The logic is present in the ImageUriBuilder, which will use a CDN if one is configured.

    const imgUriBuilder = new ImageUriBuilder(
      config.cdnUrl || `${config.publicUrl}/img`,
    )

So why does Bluesky provide direct unauthenticated access to the PDS getBlobs endpoint? Once again illustrating the beauty of open source, there is an issue describing the original motivation. In it, image labeling and user content export, as well as additional future use cases, are enumerated. There is also a mention of the possibility of users hotlinking content and Bluesky for free hosting, so these issues are clearly top-of-mind. The original implementation did not include the proper security headers, but they were subsequently added.

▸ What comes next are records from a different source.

(* Suppose the p-values are conditionally super-uniform: for every $t$ with $\theta_t=0$, $\mathbb{P}(p_t\le U\mid\mathcal{F}_{t-1})\le U$ a.s. for every $\mathcal F_{t-1}$-measurable $[0,1]$-valued $U$. Fix $d\in(0,1]$. (a) If the $\mathcal{F}_{t-1}$-measurable testing levels satisfy, a.s. for every $t\ge1$, $\sum_{j=1}^t\frac{\alpha_j}{dR^{\mathrm d}_{j-1}+1}\le\alpha$, then $\mathrm{mem\text{-}FDR}(t)\le\alpha$ for all $t$. (b) Let $(\lambda_t)_{t\ge1}$ be $(0,1)$-valued with each $\lambda_t$ $\mathcal{F}_{t-1}$-measurable, and let $\mathrm{mem\text{-}}\widehat{\mathrm{FDP}}^{\mathrm{pS\text{-}RAI}}(t):=\sum_{j=1}^t\frac{\alpha_j}{dR^{\mathrm d}_{j-1}+1}\cdot\frac{\mathbb{1}\{p_j>\lambda_j\}}{1-\lambda_j}$. Then (i) $\mathbb{E}[\mathrm{mem\text{-}}\widehat{\mathrm{FDP}}^{\mathrm{pS\text{-}RAI}}(t)]\ge\mathbb{E}[\mathrm{mem\text{-}FDP}^*(t)]$ for all $t$, where $\mathrm{mem\text{-}FDP}^*(t)=\sum_{j\in\mathcal{H}_0(t)}\alpha_j/(dR^{\mathrm d}_{j-1}+1)$; and (ii) if the testing levels satisfy $\mathrm{mem\text{-}}\widehat{\mathrm{FDP}}^{\mathrm{pS\text{-}RAI}}(t)\le\alpha$ a.s. for every $t$, then $\mathrm{mem\text{-}FDR}(t)\le\alpha$ for all $t$.
   Context: Let $\alpha\in(0,1)$ be a target level. Hypotheses are indexed by $t=1,2,\dots$; $\theta_t\in\{0,1\}$ is a fixed (non-random) indicator with $\theta_t=0$ iff the $t$-th null hypothesis is true. $p_1,p_2,\dots$ are $[0,1]$-valued random variables (p-values). Testing levels $\alpha_1,\alpha_2,\dots$ are $[0,1]$-valued random variables and the decisions are $\delta_t=\mathbb{1}\{p_t\le\alpha_t\}$. Let $\mathcal{F}_t=\sigma(\delta_1,\dots,\delta_t)$, $\mathcal{F}_0$ trivial; each $\alpha_t$ is required to be $\mathcal{F}_{t-1}$-measurable. $\mathcal{H}_0(t)=\{j\le t:\theta_j=0\}$. For a decay parameter $d\in(0,1]$, $R^{\mathrm d}_t=\sum_{j=1}^t d^{t-j}\delta_j$ with $R^{\mathrm d}_0=0$, and $\mathrm{mem\text{-}FDR}(t)=\mathbb{E}\big[\sum_{j\in\mathcal{H}_0(t)}d^{t-j}\delta_j\big/R^{\mathrm d}_t\big]$ with the convention $0/0=0$. *)

From mathcomp Require Import all_boot all_order all_algebra.
From mathcomp Require Import all_classical all_reals all_analysis.
Set Implicit Arguments. Unset Strict Implicit. Unset Printing Implicit Defensive.
Import Order.TTheory GRing.Theory Num.Theory.
Local Open Scope classical_set_scope.
Local Open Scope ring_scope.

Section Defs.
Context {dT : measure_display} {T : measurableType dT} {R : realType}.

Definition delta (p alpha : nat -> T -> R) (t : nat) (w : T) : bool :=
  p t w <= alpha t w.

Definition dvec (p alpha : nat -> T -> R) (n : nat) (w : T) : nat -> bool :=
  fun j => ((0 < j <= n)%N && delta p alpha j w).

(* F_n = sigma(delta_1,...,delta_n): preimages of (arbitrary, since the
   range is finite/discrete) sets under the random vector (delta_1..delta_n) *)
Definition Fsig (p alpha : nat -> T -> R) (n : nat) : set (set T) :=
  [set A | exists B : set (nat -> bool), A = dvec p alpha n @^-1` B].

Definition Fmeas (p alpha : nat -> T -> R) (n : nat) (U : T -> R) : Prop :=
  forall B : set R, measurable B -> Fsig p alpha n (U @^-1` B).

Definition Rdec (p alpha : nat -> T -> R) (dec : R) (t : nat) (w : T) : R :=
  \sum_(1 <= j < t.+1) dec ^+ (t - j) * (delta p alpha j w)%:R.

(* theta j = true iff the j-th null is false; H_0 = {j | ~~ theta j} *)
(* mem-FDP(t); division by 0 gives 0 in MathComp (0/0 = 0 convention) *)
Definition memFDP (p alpha : nat -> T -> R) (theta : nat -> bool) (dec : R)
  (t : nat) (w : T) : R :=
  (\sum_(1 <= j < t.+1 | ~~ theta j) dec ^+ (t - j) * (delta p alpha j w)%:R)
  / Rdec p alpha dec t w.

Definition memLevelSum (p alpha : nat -> T -> R) (dec : R) (t : nat) (w : T) : R :=
  \sum_(1 <= j < t.+1) alpha j w / (dec * Rdec p alpha dec j.-1 w + 1).

Definition memFDPstar (p alpha : nat -> T -> R) (theta : nat -> bool) (dec : R)
  (t : nat) (w : T) : R :=
  \sum_(1 <= j < t.+1 | ~~ theta j) alpha j w / (dec * Rdec p alpha dec j.-1 w + 1).

Definition memFDPhat (p alpha lambda : nat -> T -> R) (dec : R) (t : nat) (w : T) : R :=
  \sum_(1 <= j < t.+1) alpha j w / (dec * Rdec p alpha dec j.-1 w + 1)
     * ((lambda j w < p j w)%R%:R / (1 - lambda j w)).

End Defs.

From mathcomp Require Import all_boot all_order all_algebra.
From mathcomp Require Import all_classical all_reals all_analysis.
From mathcomp Require Import measurable_realfun lra.
Import Order.TTheory GRing.Theory Num.Theory.
Local Open Scope classical_set_scope.
Local Open Scope ring_scope.

(* The sigma-algebra F_n generated by the first n decisions is generated by the
   finite partition of the sample space into "atoms" on which these decisions are
   fixed, and an F_n-measurable function is just a function constant on atoms.
   Integrals therefore split into finite sums over atoms, on each of which every
   F_{j-1}-measurable quantity is a constant and super-uniformity reads
   P(A ∩ {p_j <= U}) <= U P(A).  Taking U = alpha_j gives
   E[delta_j / (d R_{j-1} + 1)] <= E[alpha_j / (d R_{j-1} + 1)] for every null j,
   and since d^{t-j} delta_j / R_t <= delta_j / (d R_{j-1} + 1) pointwise, the
   mem-FDR is at most E[mem-FDP^*(t)]; this is at most alpha under the
   hypothesis of (a), and under that of (b)(ii) by (b)(i).  Taking U = lambda_j
   gives (1 - lambda_j) P(A) <= P(A ∩ {p_j > lambda_j}), which yields (b)(i). *)

Lemma index_iota1_gt0 j n : j \in index_iota 1 n -> (0 < j)%N.
Proof. by rewrite mem_index_iota => /andP[]. Qed.

Section RealFunctions.
Context {dT : measure_display} {T : measurableType dT} {R : realType}.

Lemma measurable_set_ler {f g : T -> R} :
  measurable_fun setT f -> measurable_fun setT g -> measurable [set w | f w <= g w].
Proof. by move=> mf mg; rewrite -[X in measurable X]setTI; exact: measurable_fun_ler. Qed.

Lemma measurable_set_ltr {f g : T -> R} :
  measurable_fun setT f -> measurable_fun setT g -> measurable [set w | f w < g w].
Proof. by move=> mf mg; rewrite -[X in measurable X]setTI; exact: measurable_fun_ltr. Qed.

Lemma indic_bool (b : T -> bool) w : \1_[set w | b w] w = (b w)%:R :> R.
Proof.
by rewrite indicE; case: (boolP (b w)) => bw; [rewrite mem_set|rewrite memNset //=; apply/negP].
Qed.

End RealFunctions.

Section IntegralFacts.
Context {dT : measure_display} {T : measurableType dT} {R : realType}.
Variable mu : {measure set T -> \bar R}.

Lemma measurable_sum_cond (I : eqType) (s : seq I) (P : pred I) (F : I -> T -> R) :
  (forall j, j \in s -> P j -> measurable_fun setT (F j)) ->
  measurable_fun setT (fun w => \sum_(j <- s | P j) F j w).
Proof.
move=> mF.
rewrite (_ : (fun w => _) = fun w => \sum_(j <- s) if (j \in s) && P j then F j w else 0).
  apply: measurable_sum => j.
  case: (boolP ((j \in s) && P j)) => [/andP[js Pj]|_]; [exact: mF|exact: measurable_cst].
by apply/funext => w; rewrite big_seq_cond big_mkcond.
Qed.

Lemma ge0_integral_sum_cond (I : eqType) (s : seq I) (P : pred I) (F : I -> T -> R) :
  (forall j, j \in s -> P j -> measurable_fun setT (F j)) ->
  (forall j w, j \in s -> P j -> 0 <= F j w) ->
  (\int[mu]_w (\sum_(j <- s | P j) F j w)%:E =
   \sum_(j <- s | P j) \int[mu]_w (F j w)%:E)%E.
Proof.
move=> mF F0.
under eq_integral do rewrite big_seq_cond big_mkcond -sumEFin.
rewrite ge0_integral_sum //; last 2 first.
- move=> j; apply/measurable_EFinP.
  case: (boolP ((j \in s) && P j)) => [/andP[js Pj]|_]; [exact: mF|exact: measurable_cst].
- by move=> j w _; case: (boolP ((j \in s) && P j)) => [/andP[js Pj]|_]; rewrite lee_fin ?F0.
rewrite [RHS]big_seq_cond [RHS]big_mkcond; apply: eq_bigr => j _.
by case: (boolP ((j \in s) && P j)) => // _; rewrite integral0_eq.
Qed.

Lemma integral_le_ae_bound (P : probability T R) (f : T -> R) (c : R) :
  0 <= c -> measurable_fun setT f -> (forall w, 0 <= f w) ->
  {ae P, forall w, f w <= c} -> (\int[P]_w (f w)%:E <= c%:E)%E.
Proof.
move=> c0 mf f0 fc; rewrite -[leRHS]mule1 -(probability_setT P) -integral_cst //.
apply: ae_ge0_le_integral => //; first by move=> w _; rewrite lee_fin.
  exact/measurable_EFinP.
by apply: filterS fc => w fwc _; rewrite lee_fin.
Qed.

End IntegralFacts.

Section DecisionAtoms.
Context {dT : measure_display} {T : measurableType dT} {R : realType}.
Variables p alpha : nat -> T -> R.
Hypothesis mdelta : forall j, (0 < j)%N -> measurable_fun setT (delta p alpha j).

Traditional social platforms can place more restrictions on blobs at time of upload because there is a limited set of valid content. The extensibility of Bluesky and the AT Protocol, which is what differentiates it from traditional networks, also necessitates more complexity. However, I, and clearly the awesome folks building Bluesky, think it’s clearly worth it.

Bonus Content Link to heading

I mentioned sub-schemas and open unions earlier in this post. The app.bsky.feed.post type includes a union for valid embeds. Per the AT Protocol lexicon specification, unions are open unless explicitly marked as closed.

By default unions are “open”, meaning that future revisions of the schema could add more types to the list of refs (though can not remove types). This means that implementations should be permissive when validating, in case they do not have the most recent version of the Lexicon. The closed flag (boolean) can indicate that the set of types is fixed and can not be extended in the future.

The embed union is not marked as closed.

          "embed": {
            "type": "union",
            "refs": [
              "app.bsky.embed.images",
              "app.bsky.embed.video",
              "app.bsky.embed.external",
              "app.bsky.embed.record",
              "app.bsky.embed.recordWithMedia"
            ]
          },

Therefore, posts can be created with an embed $type that is not enumerated. For example, I could also persist the website HTML via making a post on Bluesky with a custom embed.

curl -X POST 'https://bsky.social/xrpc/com.atproto.repo.createRecord' \
-H 'Authorization: Bearer '"$ACCESS_JWT"'' \
-H 'Content-Type: application/json' \
-d '{
  "repo": "danielmangum.com",
  "collection": "app.bsky.feed.post",
  "record": {
    "$type": "app.bsky.feed.post",
    "text": "This post embeds a website.",
    "createdAt": "2024-11-23T05:49:35.422015Z",
    "embed": {
      "$type": "com.danielmangum.hack.sites",
      "sites": [
        {
          "site": {
            "$type": "blob",
            "ref": {
              "$link": "bafkreic5fmelmhqoqxfjz2siw5ey43ixwlzg5gvv2pkkz7o25ikepv4zeq"
            },
            "mimeType": "text/html",
            "size": 268
          }
        }
      ]
    }
  }
}'

{
  "uri": "at://did:plc:j22nebhg6aek3kt2mex5ng7e/app.bsky.feed.post/3lbpfxwnjoq23",
  "cid": "bafyreidnlyhcvlzl5hc3btih6ly5anjld6ss4bgocyichnm72cpnjuzsvu",
  "commit": {
    "cid": "bafyreibv77m3bdyywmotn7ncbbrqv6pv7irzmw27bzklt4tppgsoodarma",
    "rev": "3lbpfxwo57q23"
  },
  "validationStatus": "valid"
}

In the Bluesky application, the embed is silently ignored.

However, the content is persisted and the reference is included in the post record, so a different application could choose to start rendering the embed.

{
  "$type": "app.bsky.feed.post",
  "createdAt": "2024-11-23T05:49:35.422015Z",
  "embed": {
    "$type": "com.danielmangum.hack.sites",
    "sites": [
      {
        "site": {
          "$type": "blob",
          "ref": {
            "$link": "bafkreic5fmelmhqoqxfjz2siw5ey43ixwlzg5gvv2pkkz7o25ikepv4zeq"
          },
          "mimeType": "text/html",
          "size": 268
        }
      }
    ]
  },
  "text": "This post embeds a website."
}

In my opinion, this is one of the most interesting features of lexicons because it allows for “micro-extensions” that build on existing use cases (e.g. “microblogging”). For example, I for one would love a world in which small code snippets could be embedded in my posts and run in a WebAssembly sandbox by other users. But that’s a post for another day.